BEGIN Study material

(* Assume that the covector $p_a$ satisfies $p_ap^a+\sigma u_au^a=0$ where $\sigma=\sigma_+$ or $\sigma=\sigma_-$. Let $\tilde g^{ab}=g^{ab}+\sigma F^{ac}F^{b}{}_{c}$ and $K^a=\tilde g^{ab}p_b$. Then $$\tilde g^{cd}p_cu_d=\tilde g^{cd}p_cv_d=0,\qquad \tilde g^{cd}u_cv_d=0,\qquad \tilde g^{cd}u_cu_d=\tilde g^{cd}v_cv_d=u^cu_c\,(1+\sigma F-\sigma^2G^2).$$ Consequently $K^ap_a=K^au_a=K^av_a=0$.
   Context: Let $F_{ab}$ be an antisymmetric tensor on an oriented 4-dimensional Lorentzian manifold with metric $g_{ab}$ (signature $(-,+,+,+)$; indices moved with $g$), $\varepsilon_{abcd}$ the volume form, ${}^{*}F_{ab}=\frac12\varepsilon_{abcd}F^{cd}$, $F=\frac12F_{ab}F^{ab}$, $G=-\frac14F_{ab}{}^{*}F^{ab}$. Let $\mathcal{L}(F,G)$ be smooth with partial derivatives $\mathcal{L}_F,\mathcal{L}_{FF},\mathcal{L}_{FG},\mathcal{L}_{GG}$ evaluated at the background invariants. $P=\mathcal{L}_{FF}\mathcal{L}_{GG}-\mathcal{L}_{FG}^2$, $M=\mathcal{L}_F^2+2\mathcal{L}_F\mathcal{L}_{FG}G-\frac12\mathcal{L}_F\mathcal{L}_{GG}F-PG^2$, $N=2\mathcal{L}_F\mathcal{L}_{FF}+\frac12\mathcal{L}_F\mathcal{L}_{GG}-PF$, $\sigma_\pm=\frac{N}{2M}\pm\sqrt{\frac{N^2}{4M^2}-\frac{P}{M}}$. Standing assumptions: $\mathcal{L}_F\neq0$, $M\neq0$, $1+\sigma_\pm F-\sigma_\pm^2G^2\neq0$. For a nonzero covector $p_a$ put $u_a=F_{ab}p^b$, $v_a={}^{*}F_{ab}p^b$. *)

(* pointwise (tensor-algebraic) formalization over a real
   closed field R, in a coordinate basis at a point of the manifold. *)
From HB Require Import structures.
From mathcomp Require Import all_boot all_order all_algebra.
Set Implicit Arguments. Unset Strict Implicit. Unset Printing Implicit Defensive.
Import Order.TTheory GRing.Theory Num.Theory.
Local Open Scope ring_scope.

Section Defs.
Variable R : rcfType.
Implicit Types (g F : 'M[R]_4) (p u : 'I_4 -> R).

(* Lorentzian metric of signature (-,+,+,+) (Sylvester normal form). *)
Definition minkowski : 'M[R]_4 :=
  diag_mx (\row_(i < 4) (if i == ord0 then -1 else 1)).
Definition lorentzian g : Prop :=
  g^T = g /\ exists P : 'M[R]_4, P \in unitmx /\ P^T *m g *m P = minkowski.

Definition antisym F : Prop := forall a b, F a b = - F b a.

Definition ginv g : 'M[R]_4 := invmx g.

Definition levi (a b c d : 'I_4) : R :=
  \det (\matrix_(i < 4, j < 4) ((j == nth ord0 [:: a; b; c; d] i)%:R : R)).

(* volume form eps_{abcd} in a coordinate basis; [o] = true iff the basis is
   positively oriented (eps = sqrt|det g| [abcd]), otherwise the sign flips. *)
Definition eps (o : bool) g (a b c d : 'I_4) : R :=
  (if o then 1 else -1) * Num.sqrt `|\det g| * levi a b c d.

Definition up2 g F : 'M[R]_4 := ginv g *m F *m (ginv g)^T.
Definition up1 g F : 'M[R]_4 := ginv g *m F.
Definition upv g p : 'I_4 -> R := fun a => \sum_(b < 4) ginv g a b * p b.

Definition dual o g F : 'M[R]_4 :=
  \matrix_(a < 4, b < 4)
     (2^-1 * \sum_(c < 4) \sum_(d < 4) eps o g a b c d * up2 g F c d).

Definition Finvar g F : R := 2^-1 * \sum_(a < 4) \sum_(b < 4) F a b * up2 g F a b.
Definition Ginvar o g F : R :=
  - 4^-1 * \sum_(a < 4) \sum_(b < 4) F a b * up2 g (dual o g F) a b.

Definition contr g (T : 'M[R]_4) p : 'I_4 -> R :=
  fun a => \sum_(b < 4) T a b * upv g p b.

Definition bil (h : 'M[R]_4) (x y : 'I_4 -> R) : R :=
  \sum_(a < 4) \sum_(b < 4) h a b * x a * y b.

Definition cP (LFF LFG LGG : R) : R := LFF * LGG - LFG ^+ 2.
Definition cM (LF LFF LFG LGG Fi Gi : R) : R :=
  LF ^+ 2 + 2 * LF * LFG * Gi - 2^-1 * LF * LGG * Fi - cP LFF LFG LGG * Gi ^+ 2.
Definition cN (LF LFF LFG LGG Fi : R) : R :=
  2 * LF * LFF + 2^-1 * LF * LGG - cP LFF LFG LGG * Fi.
Definition discr (LF LFF LFG LGG Fi Gi : R) : R :=
  let M := cM LF LFF LFG LGG Fi Gi in let N := cN LF LFF LFG LGG Fi in
  N ^+ 2 / (4 * M ^+ 2) - cP LFF LFG LGG / M.
Definition sigma_pm (plus : bool) (LF LFF LFG LGG Fi Gi : R) : R :=
  let M := cM LF LFF LFG LGG Fi Gi in let N := cN LF LFF LFG LGG Fi in
  N / (2 * M) + (if plus then 1 else -1) * Num.sqrt (discr LF LFF LFG LGG Fi Gi).

Definition gtilde (sigma : R) g F : 'M[R]_4 :=
  \matrix_(a < 4, b < 4)
     (ginv g a b + sigma * \sum_(c < 4) up2 g F a c * up1 g F b c).

Definition Kvec (sigma : R) g F p : 'I_4 -> R :=
  fun a => \sum_(b < 4) gtilde sigma g F a b * p b.
Definition dotv (x y : 'I_4 -> R) : R := \sum_(a < 4) x a * y a.

End Defs.

From HB Require Import structures.
From mathcomp Require Import all_boot all_order all_algebra.
From mathcomp Require Import perm ring.
Set Implicit Arguments. Unset Strict Implicit. Unset Printing Implicit Defensive.
Import Order.TTheory GRing.Theory Num.Theory.
Local Open Scope ring_scope.

(* Write M = g^-1 F and D = g^-1 *F for the mixed tensors F^a_b and *F^a_b.
   In four dimensions M^2 - D^2 = -F and MD = DM = G (times the identity);
   both are checked in an orthonormal frame, where the Hodge dual is explicit,
   and carried back to arbitrary coordinates by conjugation.  Then u = -pM,
   v = -pD and gt = (1 - sigma M^2) g^-1; M and D are antisymmetric for gt,
   and M^4 = G^2 - F M^2.  With these relations every claimed identity reduces
   to the null condition p.p + sigma u.u = 0. *)

(** * Bilinear forms and the effective metric *)

Definition bform (R : nzRingType) n (A : 'M[R]_n) (x y : 'rV[R]_n) : R :=
  (x *m A *m y^T) 0 0.

Section Form.
Variables (R : comNzRingType) (n : nat).
Implicit Types (A B X : 'M[R]_n) (x y : 'rV[R]_n).

Lemma bform_tr A x y : bform A x y = bform A^T y x.
Proof.
rewrite /bform; transitivity ((x *m A *m y^T)^T 0 0); first by rewrite [RHS]mxE.
by rewrite !trmx_mul trmxK mulmxA.
Qed.

Lemma bform_mull A X x y : bform A (x *m X) y = bform (X *m A) x y.
Proof. by rewrite /bform mulmxA. Qed.

Lemma bform_mulr A X x y : bform A x (y *m X) = bform (A *m X^T) x y.
Proof. by rewrite /bform trmx_mul !mulmxA. Qed.

Lemma bformNl A x y : bform A (- x) y = - bform A x y.
Proof. by rewrite /bform !mulNmx [LHS]mxE. Qed.

Lemma bformNr A x y : bform A x (- y) = - bform A x y.
Proof. by rewrite bform_tr bformNl -bform_tr. Qed.

Lemma bformN A x y : bform (- A) x y = - bform A x y.
Proof. by rewrite /bform mulmxN mulNmx [LHS]mxE. Qed.

Lemma bformDl A B x y : bform (A + B) x y = bform A x y + bform B x y.
Proof. by rewrite /bform mulmxDr mulmxDl !mxE. Qed.

Lemma bformBl A B x y : bform (A - B) x y = bform A x y - bform B x y.
Proof. by rewrite /bform mulmxBr mulmxBl !mxE. Qed.

Lemma bformZl c A x y : bform (c *: A) x y = c * bform A x y.
Proof. by rewrite /bform -scalemxAr -scalemxAl mxE. Qed.
End Form.

Lemma bform_skew (R : numDomainType) n (S : 'M[R]_n) x : S^T = - S -> bform S x x = 0.
Proof.
move=> ST; have : bform S x x *+ 2 = 0.
  by rewrite mulr2n {2}bform_tr ST /bform mulmxN mulNmx [X in _ + X]mxE subrr.
by move/eqP; rewrite mulrn_eq0 => /eqP.
Qed.

(* h, M, D, phi and gam stand for g^-1, F^a_b, *F^a_b, F and G; vectors are rows. *)
Section EffectiveMetric.
Variables (R : numDomainType) (n : nat) (h M D : 'M[R]_n) (phi gam sigma : R).
Hypotheses (h_sym : h^T = h) (Mh_skew : (M *m h)^T = - (M *m h))
  (Dh_skew : (D *m h)^T = - (D *m h)).
Hypotheses (MD : M *m D = gam%:M) (DM : D *m M = gam%:M)
  (MM : M *m M = D *m D - phi%:M).
Variable p : 'rV[R]_n.
Let u := - (p *m M).
Let v := - (p *m D).
Let gt := h - sigma *: (M *m M *m h).

Lemma skew_trmx X : (X *m h)^T = - (X *m h) -> h *m X^T = - (X *m h).
Proof. by move=> <-; rewrite trmx_mul h_sym. Qed.

Let hMT : h *m M^T = - (M *m h) := skew_trmx Mh_skew.
Let hDT : h *m D^T = - (D *m h) := skew_trmx Dh_skew.

Lemma MMh_sym : (M *m M *m h)^T = M *m M *m h.
Proof.
by rewrite !trmx_mul h_sym mulmxA hMT mulNmx -[M *m h *m _]mulmxA hMT mulmxN opprK mulmxA.
Qed.

Lemma gt_sym : gt^T = gt.
Proof. by rewrite /gt linearB /= linearZ /= h_sym MMh_sym. Qed.

Lemma gt_skewM : gt *m M^T = - (M *m gt).
Proof.
rewrite /gt mulmxBl mulmxBr -!scalemxAl -scalemxAr -!mulmxA hMT !mulmxN.
by rewrite !mulmxA opprB scalerN opprK addrC.
Qed.

Lemma MMD_comm : M *m M *m D = D *m (M *m M).
Proof. by rewrite -mulmxA MD mulmxA DM mul_mx_scalar mul_scalar_mx. Qed.

Lemma gt_skewD : gt *m D^T = - (D *m gt).
Proof.
rewrite /gt mulmxBl mulmxBr -!scalemxAl -scalemxAr -!mulmxA hDT !mulmxN.
by rewrite !mulmxA MMD_comm !mulmxA scalerN opprK opprB addrC.
Qed.

Lemma M4E : M *m M *m (M *m M) = (gam ^+ 2)%:M - phi *: (M *m M).
Proof.
rewrite {2}MM mulmxBr mul_mx_scalar -mulmxA [M *m (D *m D)]mulmxA MD.
by rewrite mul_scalar_mx -scalemxAr MD scale_scalar_mx expr2.
Qed.

Lemma bform_gt_skew X y : gt *m X^T = - (X *m gt) -> bform gt y (y *m X) = 0.
Proof.
move=> gtX; rewrite bform_mulr bform_skew // gtX linearN /= trmx_mul gt_sym gtX opprK //.
Qed.

Lemma bform_MMh : bform (M *m M *m h) p p = - bform h u u.
Proof.
rewrite /u bformNl bformNr opprK bform_mull bform_mulr -[M *m h *m _]mulmxA hMT.
by rewrite mulmxN mulmxA bformN opprK.
Qed.

Lemma bform_gt_self : bform gt p p = bform h p p + sigma * bform h u u.
Proof. by rewrite /gt bformBl bformZl bform_MMh mulrN opprK. Qed.

Hypothesis null : bform h p p + sigma * bform h u u = 0.

Lemma bform_gt_sq X : gt *m X^T = - (X *m gt) ->
  bform gt (p *m X) (p *m X) = - bform (X *m X *m gt) p p.
Proof. by move=> gtX; rewrite bform_mull bform_mulr -mulmxA gtX mulmxN mulmxA bformN. Qed.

END Study material

## Task brief
The lines above that hold the string "scalemxAl" are to be located and copied.

## Solution for this problem
Proof. by rewrite /bform -scalemxAr -scalemxAl mxE. Qed.
rewrite /gt mulmxBl mulmxBr -!scalemxAl -scalemxAr -!mulmxA hMT !mulmxN.
rewrite /gt mulmxBl mulmxBr -!scalemxAl -scalemxAr -!mulmxA hDT !mulmxN.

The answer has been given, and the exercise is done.